Parallel for shell script with different output
7.9 years ago
Korsocius ▴ 200

Dear all,

I need help with parallel command. I have one script in shell. And I would like to run it 12time in same time. But for each script I need different name of output. output is .tsv and the name is same like name of input, could you help how to do that?

Thanks a lot

please post your standard shell command line;

the parallel command would be somthing like

parallel scriptname <hardcoded options for the script> {1}.input {1}.output ::: prefixes

Show some example of what is input and output.

I have script with name bin.sh where is input 1.bam and output will be 1.tsv. Every input is in the different folder with same name from 1-12. In this folder are 1.bam (imput), 1.bai (input) => they are reading with shell script. Output will 1.tsv and etc. for each bam file.

parallel myscript {} {.}.bai '>' {.}.tsv ::: */*.bam

7.9 years ago

an example with echo:

 seq 1 12  | parallel  echo "Hello" '>' 'result.{}'
Also look into --results for a structured way of organizing the output files.

7.9 years ago
for input in *.bam; do out=echo $input | awk -F"." '{ print$1}'; bin.sh $input$out.tsv & done


To understand:

for input in *.bam;  #for each bam file
do
out=echo $input | awk -F"." '{ print$1}' #get the uniq output prefix
bin.sh $input$out.tsv & #run the srcipt and push it to background
done

won't work if there are not enough cores.

Yes. But the for loop helps me a lot in other cases where the operation is computationally not expensive.

... and if something wrong happens, you'll have to (quickly) find & kill your PIDs ...

I used to do that.

I am trying to understand why people still use for loops for independent jobs.

Is it readability? Is the for-loop really easier to read than 'parallel bin.sh {} {.}.tsv ::: *.bam'? Or if the jobs were bigger/more complex using a function:

myfunc() {
bin.sh "$1" "$2"
#more stuff here
}
export -f myfunc
parallel myfunc {} {.}.tsv ::: *.bam


For computationally cheap jobs I really do not see the benefit of a for loop.

The only advantage I can think of is that GNU Parallel may not be installed. But that advantage can vanish in just 10 seconds: wget -O - pi.dk/3|bash

@Geek_y can you enlighten me, what you see as the advantage?
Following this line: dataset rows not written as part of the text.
(* For each non-negative integer $\lambda$, there are either no regular Stanley sequences with character $\lambda$, or else infinitely many.
   Context: A set of non-negative integers is 3-free if no three of its elements form an arithmetic progression. For a finite 3-free set $A=\{a_0<\cdots<a_k\}$ of non-negative integers, the Stanley sequence $S(A)=(a_n)_{n\ge0}$ is the increasing sequence with initial terms $a_0,\ldots,a_k$ in which each subsequent $a_{n+1}$ is the smallest integer greater than $a_n$ such that $\{a_0,\ldots,a_{n+1}\}$ is 3-free. Throughout, Stanley sequences are in root position ($a_0=0$). A Stanley sequence $(a_n)$ is independent with character $\lambda$ if for all sufficiently large $k$: $a_{2^k+i}=a_{2^k}+a_i$ for $0\le i<2^k$, and $a_{2^k}=2a_{2^k-1}-\lambda+1$. A Stanley sequence $(a_n)$ is regular with character $\lambda$ if there exist a constant $\sigma$ and an independent Stanley sequence $(a'_n)$ of character $\lambda$ such that for all large $k$ and $0\le i<2^k$: $a_{2^k-\sigma+i}=a_{2^k-\sigma}+a'_i$ and $a_{2^k-\sigma}=2a_{2^k-\sigma-1}-\lambda+1$ (these data are unique). *)

From mathcomp Require Import all_boot all_order all_algebra.
Set Implicit Arguments. Unset Strict Implicit. Unset Printing Implicit Defensive.
Import GRing.Theory Num.Theory.

Definition three_free (S : nat -> Prop) : Prop :=
  forall x y z, S x -> S y -> S z -> x < y -> y < z -> x + z <> 2 * y.

Definition prefix_set (a : nat -> nat) (n : nat) : nat -> Prop :=
  fun x => exists2 i, i <= n & a i = x.

Definition prefix_set_with (a : nat -> nat) (n m : nat) : nat -> Prop :=
  fun x => prefix_set a n x \/ x = m.

(** [a] is a Stanley sequence S(A) in root position, for the finite 3-free
    set A = {a_0 < ... < a_k}: a_0 = 0, the initial terms are increasing and
    3-free, and for every n >= k, a_{n+1} is the smallest integer > a_n such
    that {a_0, ..., a_{n+1}} is 3-free. *)
Definition stanley (a : nat -> nat) : Prop :=
  a 0 = 0 /\
  exists k : nat,
    (forall i, i < k -> a i < a i.+1) /\
    three_free (prefix_set a k) /\
    (forall n, k <= n ->
       [/\ a n < a n.+1,
           three_free (prefix_set a n.+1) &
           forall m, a n < m -> m < a n.+1 -> ~ three_free (prefix_set_with a n m)]).

Definition independent (a : nat -> nat) (lam : int) : Prop :=
  stanley a /\
  exists K : nat, forall k, K <= k ->
    (forall i, i < 2 ^ k -> a (2 ^ k + i) = a (2 ^ k) + a i) /\
    ((a (2 ^ k)%N)%:Z = 2 * (a (2 ^ k - 1)%N)%:Z - lam + 1)%R.

(** Index 2^k - sigma + i (as a natural number; for large k it is non-negative). *)
Definition ridx (k : nat) (sigma : int) (i : int) : nat :=
  absz ((2 ^ k)%N%:Z - sigma + i)%R.

Definition regular (a : nat -> nat) (lam : int) : Prop :=
  stanley a /\
  exists (sigma : int) (a' : nat -> nat),
    independent a' lam /\
    exists K : nat, forall k, K <= k ->
      (0 <= (2 ^ k)%N%:Z - sigma - 1)%R /\
      (forall i : nat, i < 2 ^ k ->
         a (ridx k sigma (Posz i)) = a (ridx k sigma 0) + a' i) /\
      ((a (ridx k sigma 0))%:Z = 2 * (a (ridx k sigma (-1)))%:Z - lam + 1)%R.

From mathcomp Require Import all_boot all_order all_algebra.
From Stdlib Require Import List Classical.
From mathcomp Require Import zify.

Set Implicit Arguments.
Unset Strict Implicit.
Unset Printing Implicit Defensive.

(* Every regular Stanley sequence of character lam comes with an independent
   Stanley sequence a of the same character, and from a we build infinitely many
   regular ones.  For large n and u > lam, raise a by u * 2 ^ (k - n) on each
   dyadic block [2 ^ k, 2 ^ k.+1) with k >= n.  Since a(2 ^ k) triples and the
   raise doubles from one block to the next, the block structure
   b(2 ^ k + i) = b(2 ^ k) + a(i) and the character relation survive, so b is
   regular with sigma = 0 and a' = a as soon as it is a Stanley sequence.  It is
   3-free because the raise keeps consecutive blocks far enough apart that no
   progression straddles them in a new way; it is greedy beyond 2 ^ n.+1 because
   each gap is either a translated gap of a or lies just below a power of two,
   where it is closed by writing every small s as 2 a(z) + d - b(y), by induction
   on the block.  Different n give different sequences. *)

Lemma exp2_gt0 k : 0 < 2 ^ k.
Proof. by rewrite expn_gt0. Qed.

Lemma exp2S k : 2 ^ k.+1 = 2 ^ k + 2 ^ k.
Proof. by rewrite expnS mul2n addnn. Qed.

Lemma dyadic_decomp n l : 2 ^ n <= l ->
  exists k v, [/\ n <= k, v < 2 ^ k & l = 2 ^ k + v].
Proof.
move=> nl; have l_gt0 : 0 < l by have := exp2_gt0 n; lia.
exists (trunc_log 2 l), (l - 2 ^ trunc_log 2 l); split.
- exact: trunc_log_max.
- by have := @trunc_log_ltn 2 l (erefl _); rewrite exp2S; lia.
- by have := trunc_logP (erefl : 1 < 2) l_gt0; lia.
Qed.

Section Increasing.
Variable f : nat -> nat.
Hypothesis f_incr : forall i, f i < f i.+1.

Lemma incr_ltn : {mono f : i j / i < j}.
Proof.
exact/Order.POrderTheory.leW_mono/Order.TotalTheory.le_mono/(homo_ltn ltn_trans f_incr).
Qed.

Lemma incr_leq : {mono f : i j / i <= j}.
Proof. exact/Order.TotalTheory.le_mono/(homo_ltn ltn_trans f_incr). Qed.

Lemma leq_incr i : i <= f i.
Proof. by elim: i => // i ih; have := f_incr i; lia. Qed.

Lemma incr_bracket s : f 0 = 0 -> exists v, f v <= s < f v.+1.
Proof.
move=> f0; elim: s => [|s [v /andP [fv_s s_fv1]]].
  by exists 0; have := f_incr 0; rewrite f0.
case: (ltnP s.+1 (f v.+1)) => s_fv1'; first by exists v; apply/andP; split; lia.
by exists v.+1; have := f_incr v.+1; lia.
Qed.

End Increasing.

Definition ap_free (f : nat -> nat) : Prop :=
  forall i j l, i < j -> j < l -> f i + f l <> 2 * f j.

Definition ap_free_below (f : nat -> nat) (m : nat) : Prop :=
  forall i j l, i < j -> j < l -> l < m -> f i + f l <> 2 * f j.

Definition blocked (f : nat -> nat) (p x : nat) : Prop :=
  exists i j, [/\ i < j, j <= p & f i + x = 2 * f j].

Definition greedy_from (f : nat -> nat) (k0 : nat) : Prop :=
  forall p x, k0 <= p -> f p < x -> x < f p.+1 -> blocked f p x.

Lemma blocked_shift (f g : nat -> nat) m p x :
  (forall y, y < m -> f (m + y) = f m + g y) -> p < m ->
  blocked g p x -> blocked f (m + p) (f m + x).
Proof.
move=> f_block pm [i [j [ij jp e]]]; exists (m + i), (m + j); split; try lia.
by rewrite !f_block; lia.
Qed.

(* A progression meeting both halves has either only its first term below m, which
   the gap hypothesis rules out, or only its last term at or above m. *)
Lemma ap_free_below_double (g h : nat -> nat) m :
  (forall i, g i < g i.+1) -> (forall i, h i < h i.+1) ->
  (forall y, y < m -> g (m + y) = g m + h y) ->
  ap_free_below g m -> ap_free h ->
  g (m - 1) + h (m - 1) < g m ->
  (forall i j v, i < j -> j < m -> v < m -> g i + (g m + h v) <> 2 * g j) ->
  ap_free_below g (m + m).
Proof.
move=> g_incr h_incr g_block g_ap h_ap top_gap no_across i j l ij jl lmm.
case: (ltnP l m) => [lm|ml]; first exact: g_ap.
have -> : l = m + (l - m) by lia.
rewrite g_block; last lia.
case: (ltnP j m) => [jm|mj]; first by apply: no_across; lia.
have -> : j = m + (j - m) by lia.
rewrite g_block; last lia.
case: (ltnP i m) => [im|mi].
  have : g i <= g (m - 1) by rewrite (incr_leq g_incr); lia.
  have : h (l - m) <= h (m - 1) by rewrite (incr_leq h_incr); lia.
  lia.
have -> : i = m + (i - m) by lia.
rewrite g_block; last lia.
by move=> e; apply: (h_ap (i - m) (j - m) (l - m)); lia.
Qed.

Section PrefixSets.
Variable f : nat -> nat.
Hypothesis f_incr : forall i, f i < f i.+1.

Lemma ap_free_prefix_set : ap_free f -> forall p, three_free (prefix_set f p).
Proof.
move=> f_ap p _ _ _ [i _ <-] [j _ <-] [l _ <-].
rewrite !(incr_ltn f_incr); exact: f_ap.
Qed.

Lemma ap_free_of_prefix_sets k :
  (forall p, k <= p -> three_free (prefix_set f p)) -> ap_free f.
Proof.
move=> tf i j l ij jl; apply: (tf (maxn l k) (leq_maxr _ _)).
- by exists i => //; apply: leq_trans (leq_maxl _ _); lia.
- by exists j => //; apply: leq_trans (leq_maxl _ _); lia.
- by exists l => //; exact: leq_maxl.
- by rewrite (incr_ltn f_incr).
- by rewrite (incr_ltn f_incr).
Qed.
I am used to use for loop. But definitely will shift towards parallel. Started reading your tutorial on parallel. I am from biology background and a kind of beginner in core bioinfo, hence, need some time to learn best practices.

I wonder why one would dispatch computationally cheap operations to a bg core in the first place. The gain in execution time will surely be balanced out by the time taken to write the loop + dispatch to different cores.

Input files are in different folders, you might wanna use a find (with an optional maxdepth`) to find these files first, then run the script on them.